The Court’s holding on this point is unique for a couple of reasons. It’s the first time a court outside of the Ninth Circuit has declined to follow Marks. But even better, it’s the first court to combine the “present capacity” holding in King, and the “random or sequential number generation” holding in Dominguez in formulating its own holding that equipment must have the “present capacity” (not just the “potential capacity”) to randomly or sequential generate numbers to be called. Fantastic stuff.

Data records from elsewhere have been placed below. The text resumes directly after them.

(* Let $\mathcal{I}=(I,w,v,m,k)$ be a CMK instance, $S\subseteq I$, and $\delta\in(0,0.1)$ with $\delta^{-1}\in\mathbb{N}$. Let $L=\{i\in S:\tilde w(i)\ge\delta\}$. Then for every $y\in([0,1]\cap\mathbb{Q})^I$ with $\mathrm{supp}(y)\subseteq S\setminus L$ there is a fractional solution $x$ such that $\mathrm{cover}(x)=y$ and $\|x\|\le 2\sum_{i\in I}y_i\,\tilde w(i)+1$.
   Context: A CMK instance is a tuple $\mathcal{I}=(I,w,v,m,k)$ with $I$ a finite item set, $w:I\to[0,1]$, $v:I\to\mathbb{R}_{\ge0}$, $m,k\in\mathbb{N}_{>0}$. The adjusted weight of $i\in I$ is $\tilde w(i)=w(i)+\frac1k$. A configuration is $C\subseteq I$ with $|C|\le k$ and $\sum_{i\in C}w(i)\le1$; $\mathcal{C}$ is the set of configurations and $\mathcal{C}(i)=\{C\in\mathcal{C}:i\in C\}$. A fractional solution is $x\in\mathbb{R}_{\ge0}^{\mathcal{C}}$; $\mathrm{cover}_i(x)=\sum_{C\in\mathcal{C}(i)}x_C$ and $\|x\|=\sum_{C}x_C$. $\mathrm{supp}(y)=\{i:y_i\ne0\}$. *)

From HB Require Import structures.
From mathcomp Require Import all_boot all_order all_algebra.
From mathcomp Require Import reals.
Set Implicit Arguments. Unset Strict Implicit. Unset Printing Implicit Defensive.
Import Order.TTheory GRing.Theory Num.Theory.
Local Open Scope ring_scope.

Section CMK.
Variables (R : realType) (I : finType) (w : I -> R) (k : nat).

Definition adj_weight (i : I) : R := w i + k%:R^-1.

Definition is_config (C : {set I}) : bool :=
  (#|C| <= k)%N && (\sum_(i in C) w i <= 1).

(* A fractional solution x ∈ R_{>=0}^{configurations}, represented as a
   function on all subsets that is nonnegative and vanishes outside the
   set of configurations. *)
Definition frac_sol (x : {set I} -> R) : Prop :=
  (forall C, 0 <= x C) /\ (forall C, ~~ is_config C -> x C = 0).

Definition cmk_cover (x : {set I} -> R) (i : I) : R :=
  \sum_(C : {set I} | is_config C && (i \in C)) x C.

Definition frac_norm (x : {set I} -> R) : R :=
  \sum_(C : {set I} | is_config C) x C.
End CMK.

From HB Require Import structures.
From mathcomp Require Import all_boot all_order all_algebra.
From mathcomp Require Import reals lra ring.
Import Order.TTheory GRing.Theory Num.Theory.
Set Implicit Arguments. Unset Strict Implicit. Unset Printing Implicit Defensive.
Local Open Scope ring_scope.

(** Items are inserted greedily, one at a time, while maintaining a nonnegative
    mass distribution of total [1 + 2 sum_j y_j w~(j)] on sets of adjusted load
    [sum_(j in C) w~(j)] at most 1 (such sets are configurations), covering every
    item inserted so far exactly [y_j] times.  To insert an item [i] with
    [w~(i) <= 1/2], call a set roomy if it misses [i] and still has room for it.
    A set that is not roomy (and misses [i]) has load above [1/2], and the total
    load of the distribution is [sum_j w~(j) cover_j <= sum_j y_j w~(j)], so the
    non-roomy sets carry mass at most [2 sum_j y_j w~(j)]: the roomy sets carry
    mass [M >= 1].  Moving the fraction [y_i / M <= 1] of the mass of every roomy
    set [C] to [C + i] covers [i] exactly [y_i] times and changes nothing else. *)

Section Load.
Variables (R : realType) (I : finType) (w : I -> R) (k : nat).

Definition load (C : {set I}) : R := \sum_(j in C) adj_weight w k j.

Lemma load_setD1 (C : {set I}) i :
  i \in C -> load C = adj_weight w k i + load (C :\ i).
Proof. by move=> iC; rewrite /load (big_setD1 i iC). Qed.

Lemma sum_mul_load (x : {set I} -> R) :
  \sum_(C : {set I}) x C * load C
  = \sum_(j : I) adj_weight w k j * \sum_(C : {set I} | j \in C) x C.
Proof.
under eq_bigr => C _ do rewrite /load mulr_sumr big_mkcond /=.
rewrite exchange_big; apply: eq_bigr => j _.
by rewrite mulr_sumr [RHS]big_mkcond; apply: eq_bigr => C _; case: ifP; rewrite // mulrC.
Qed.

Hypothesis w_ge0 : forall i, 0 <= w i.

Lemma adj_weight_ge0 i : 0 <= adj_weight w k i.
Proof. by rewrite addr_ge0 // invr_ge0 ler0n. Qed.

Lemma load_ge0 C : 0 <= load C.
Proof. by apply: sumr_ge0 => j _; exact: adj_weight_ge0. Qed.

(* The [1/k] summands of the load count the elements of [C]. *)
Lemma load_le1_config C : (0 < k)%N -> load C <= 1 -> is_config w k C.
Proof.
move=> k_gt0 loadC.
have loadE : load C = \sum_(j in C) w j + #|C|%:R / k%:R.
  by rewrite /load /adj_weight big_split /= sumr_const mulr_natl.
have wC_ge0 : 0 <= \sum_(j in C) w j by exact: sumr_ge0.
have k_pos : 0 < k%:R :> R by rewrite ltr0n.
have card_ge0 : 0 <= #|C|%:R / k%:R :> R by rewrite divr_ge0 // ler0n.
apply/andP; split; last by lra.
have : #|C|%:R / k%:R <= 1 :> R by lra.
by rewrite ler_pdivrMr // mul1r ler_nat.
Qed.

Lemma sum_config (x : {set I} -> R) (P : pred {set I}) :
  (forall C, ~~ is_config w k C -> x C = 0) ->
  \sum_(C | is_config w k C && P C) x C = \sum_(C | P C) x C.
Proof.
move=> x_config; rewrite [RHS](bigID (is_config w k)) /= [X in _ + X]big1.
  by rewrite addr0; apply: eq_bigl => C; rewrite andbC.
by move=> C /andP[_]; exact: x_config.
Qed.

End Load.

Lemma sum_mem_setU1 (V : nmodType) (I : finType) (F : {set I} -> V)
    (P : pred {set I}) i :
  \sum_(C | P C && (i \in C)) F C
  = \sum_(D | P (i |: D) && (i \notin D)) F (i |: D).
Proof.
rewrite (reindex_onto (fun D => i |: D) (fun C => C :\ i)); last first.
  by move=> C /andP[_ iC]; rewrite setD1K.
apply: eq_bigl => D; rewrite setU11 andbT.
have [iD|iD] /= := boolP (i \in D); last by rewrite setU1K // eqxx andbT.
rewrite andbF; apply/negbTE; rewrite negb_and; apply/orP; right.
by apply: contraTneq iD => <-; rewrite setD11.
Qed.

Section ShiftMass.
Variables (R : comPzRingType) (I : finType).
Variables (i : I) (roomy : pred {set I}) (t : R) (x : {set I} -> R).

Definition shift_mass (C : {set I}) : R :=
  if i \in C then (if roomy (C :\ i) then t * x (C :\ i) else 0)
  else (if roomy C then (1 - t) * x C else x C).

Lemma shift_mass_setU1 (D : {set I}) :
  i \notin D -> shift_mass (i |: D) = if roomy D then t * x D else 0.
Proof. by move=> iD; rewrite /shift_mass setU11 setU1K. Qed.

Hypothesis x_mem0 : forall C : {set I}, i \in C -> x C = 0.

Lemma sum_shift_mass (P : pred {set I}) :
  (forall D, P (i |: D) = P D) ->
  \sum_(C | P C) shift_mass C = \sum_(C | P C) x C.
Proof.
move=> P_setU1.
rewrite (bigID (fun C : {set I} => i \in C)) [RHS](bigID (fun C : {set I} => i \in C)) /=.
rewrite [in RHS]big1 ?add0r; last by move=> C /andP[_]; exact: x_mem0.
rewrite sum_mem_setU1.
rewrite (eq_big (fun D => P D && (i \notin D)) (fun D => if roomy D then t * x D else 0));
  [|by move=> D; rewrite P_setU1|by move=> D /andP[_ iD]; rewrite shift_mass_setU1].
rewrite -big_split /=; apply: eq_bigr => C /andP[_ iC].
by rewrite /shift_mass (negbTE iC); case: (roomy C); ring.
Qed.

Lemma cover_shift_mass :
  (forall C : {set I}, roomy C -> i \notin C) ->
  \sum_(C : {set I} | i \in C) shift_mass C = t * \sum_(C : {set I} | roomy C) x C.
Proof.
move=> roomy_notin.
rewrite (@sum_mem_setU1 _ _ _ predT) (bigID roomy) /= [X in _ + X]big1 ?addr0;
  last by move=> D /andP[iD /negbTE rD]; rewrite shift_mass_setU1 // rD.
rewrite mulr_sumr; apply: eq_big => [D|D /andP[iD rD]]; last first.
  by rewrite shift_mass_setU1 // rD.
by case: (boolP (roomy D)) => [rD|_]; rewrite ?andbF // roomy_notin.
Qed.

End ShiftMass.

Section GreedyInsertion.
Variables (R : realType) (I : finType) (w : I -> R) (k : nat) (y : I -> R).
Hypothesis w_ge0 : forall i, 0 <= w i.
Hypothesis y_ge0 : forall j, 0 <= y j.

Definition mass_budget : R := 1 + 2 * \sum_(j : I) y j * adj_weight w k j.

Definition partial_cover (s : seq I) (x : {set I} -> R) : Prop :=
  [/\ forall C, 0 <= x C,
      forall C, 1 < load w k C -> x C = 0,
      \sum_(C : {set I}) x C = mass_budget &
      forall j, \sum_(C : {set I} | j \in C) x C = if j \in s then y j else 0].

Definition has_room (i : I) (C : {set I}) : bool :=
  (i \notin C) && (load w k C + adj_weight w k i <= 1).

Lemma partial_cover_nil : exists x, partial_cover [::] x.
Proof.
have budget_ge0 : 0 <= mass_budget.
  have : 0 <= \sum_(j : I) y j * adj_weight w k j.
    by apply: sumr_ge0 => j _; rewrite mulr_ge0 ?adj_weight_ge0.
  rewrite /mass_budget; lra.
exists (fun C => if C == set0 then mass_budget else 0); split.
- by move=> C; case: ifP.
- by move=> C; case: eqP => // -> ; rewrite /load big_set0; lra.
- by rewrite (bigD1 set0) //= eqxx big1 ?addr0 // => C /negbTE ->.
- by move=> j; rewrite big1 // => C jC; case: eqP => // C0; rewrite C0 inE in jC.
Qed.

Lemma partial_cover_notin s x i (C : {set I}) :
  partial_cover s x -> i \notin s -> i \in C -> x C = 0.
Proof.
move=> [x_ge0 _ _ x_cover] i_s iC.
have := x_cover i; rewrite (negbTE i_s) => cover0.
exact: (psumr_eq0P (fun C _ => x_ge0 C) cover0 iC).
Qed.

Lemma room_mass_ge1 s x i :
  partial_cover s x -> i \notin s -> adj_weight w k i <= 1 / 2 ->
  1 <= \sum_(C | has_room i C) x C.
Proof.
move=> xs i_s small_i; have [x_ge0 _ x_mass x_cover] := xs.
have full_mass : \sum_(C | ~~ has_room i C) x C
                 <= 2 * \sum_(j : I) y j * adj_weight w k j.
  apply: (@le_trans _ _ (\sum_(C : {set I}) 2 * (x C * load w k C))).
    rewrite big_mkcond /=; apply: ler_sum => C _.
    have x_C := x_ge0 C; have load_C := load_ge0 k w_ge0 C.
    case: ifP => [not_roomy|_]; last by rewrite !mulr_ge0.
    have [iC|iC] := boolP (i \in C).
      by rewrite (partial_cover_notin xs i_s iC) mul0r mulr0.
    have load_gt_half : 1 / 2 < load w k C.
      by move: not_roomy; rewrite negb_and iC /= -ltNge => ?; lra.
    nra.
  rewrite -mulr_sumr sum_mul_load ler_pM2l //; apply: ler_sum => j _.
  rewrite x_cover; case: ifP => _; first by rewrite mulrC.
  by rewrite mulr0 mulr_ge0 ?adj_weight_ge0.
move: x_mass; rewrite (bigID (has_room i)) /= /mass_budget; lra.
Qed.

Hypothesis y_le1 : forall j, y j <= 1.
Hypothesis y_small : forall j, y j != 0 -> adj_weight w k j <= 1 / 2.

Lemma partial_cover_cons s x i :
  partial_cover s x -> i \notin s -> exists x', partial_cover (i :: s) x'.
Proof.
move=> xs i_s; have [x_ge0 x_load x_mass x_cover] := xs.
have [y0|y_ne0] := eqVneq (y i) 0.
  exists x; split => // j; rewrite in_cons x_cover.
  by have [->|] := eqVneq j i; rewrite //= (negbTE i_s) y0.
pose M := \sum_(C | has_room i C) x C.
have M_ge1 : 1 <= M by exact: room_mass_ge1 (y_small y_ne0).
pose t := y i / M.
have t_ge0 : 0 <= t by rewrite divr_ge0 // ?y_ge0 //; lra.
have t_le1 : t <= 1 by rewrite ler_pdivrMr; have := y_le1 i; lra.
have x_mem0 (C : {set I}) : i \in C -> x C = 0 by exact: partial_cover_notin.
exists (shift_mass i (has_room i) t x); split.
- by move=> C; rewrite /shift_mass; do 2 case: ifP => _ //;
    rewrite mulr_ge0 ?subr_ge0.
- move=> C load_gt1; rewrite /shift_mass; case: ifP => iC.
    case: ifP => // /andP[_ roomC].
    by move: load_gt1; rewrite (load_setD1 _ _ iC); lra.
  by rewrite x_load //; case: ifP => _; rewrite ?mulr0.
- by rewrite -x_mass; apply: (sum_shift_mass _ _ x_mem0).
- move=> j; rewrite in_cons; have [->|ji] /= := eqVneq j i.
    rewrite cover_shift_mass => [|C /andP[] //].
    by rewrite -/M /t divfK //; apply: contraTneq M_ge1 => ->; rewrite ler10.
  rewrite -x_cover (sum_shift_mass _ _ x_mem0) // => D.
  by rewrite in_setU1 (negbTE ji).
Qed.

Lemma partial_cover_exists s : uniq s -> exists x, partial_cover s x.
Proof.
elim: s => [_|i s IH /= /andP[i_s s_uniq]]; first exact: partial_cover_nil.
have [x xs] := IH s_uniq; exact: partial_cover_cons xs i_s.
Qed.

End GreedyInsertion.

Theorem lemma4p1 (R : realType) (I : finType) (w : I -> R) (v : I -> R)
    (m k : nat)
    (hw : forall i, 0 <= w i <= 1) (hv : forall i, 0 <= v i)
    (hm : (0 < m)%N) (hk : (0 < k)%N)
    (S : {set I}) (delta : R)
    (hdelta : 0 < delta < 1 / 10)
    (hdinv : exists n : nat, delta^-1 = n%:R) :
  let L := [set i in S | delta <= adj_weight w k i] in
  forall y : I -> rat,
    (forall i, 0 <= y i <= 1) ->
    (forall i, y i != 0 -> i \in S :\: L) ->
    exists x : {set I} -> R,
      frac_sol w k x /\
      (forall i, cmk_cover w k x i = ratr (y i)) /\
      frac_norm w k x <= 2 * (\sum_(i : I) ratr (y i) * adj_weight w k i) + 1.
Proof.
move=> L y y01 y_supp.
have w_ge0 i : 0 <= w i by case/andP: (hw i).
have yr_ge0 j : 0 <= ratr (y j) :> R by rewrite ler0q; case/andP: (y01 j).
have yr_le1 j : ratr (y j) <= 1 :> R by rewrite -(rmorph1 ratr) ler_rat; case/andP: (y01 j).
have yr_small j : ratr (y j) != 0 :> R -> adj_weight w k j <= 1 / 2.
  move=> yj; have /y_supp : y j != 0 by apply: contraNneq yj => ->; rewrite rmorph0.
  rewrite !inE => /andP[not_large jS]; rewrite jS /= -ltNge in not_large.
  by case/andP: hdelta => _; lra.
have [x [x_ge0 x_load x_mass x_cover]] :=
  partial_cover_exists w_ge0 yr_ge0 yr_le1 yr_small (enum_uniq I).
have x_config C : ~~ is_config w k C -> x C = 0.
  by move=> C_config; apply: x_load; rewrite ltNge; apply: contraNN C_config; exact: load_le1_config.
exists x; split; [by [] | split].
- by move=> j; rewrite /cmk_cover sum_config // x_cover mem_enum.
- rewrite /frac_norm -(eq_bigl _ _ (fun C => andbT _)) sum_config // x_mass.
  by rewrite /mass_budget addrC.
Qed.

But it gets even better! While the Court’s holding resolved the ATDS claims, that still left claims relating to prerecorded messages left on Roark’s voicemail. There were a total of four at issue. In addressing this part of Roark’s claim, the Court started by recognizing that – following ACA Int’l – it had to “consider the reasonableness of the caller’s reliance on a prior number holder’s express consent,” to determine whether there was a TCPA violation in the case of a reassigned number. While this is clear enough in ACA Int’l, this is the first lower court to recognize that this is the proper analysis when considering reassigned number claims.
And in examining the record, the Court held that Credit One was reasonably relying on the consent of the prior subscriber based upon these facts:
(1) Credit One had the express consent to call the prior subscriber;
(2) Credit One had no reason to know that the phone number had been reassigned because:
(a) It received no notice from Roark of the reassignment; and
(b) The caller I.D. for the number still populated with the prior subscriber’s information.
Based upon these facts – which center on Credit One’s lack of notice of the reassignment – the Court held that “[i]t was reasonable for Credit One to rely on [the prior subscriber’s] prior express consent to call his number, and therefore summary judgment on this issue is proper.”
The Court’s holding in this respect is a major one, and helps bring some much needed common sense to the realm of reassigned numbers. Let’s hope that we see more courts follow suit in the future.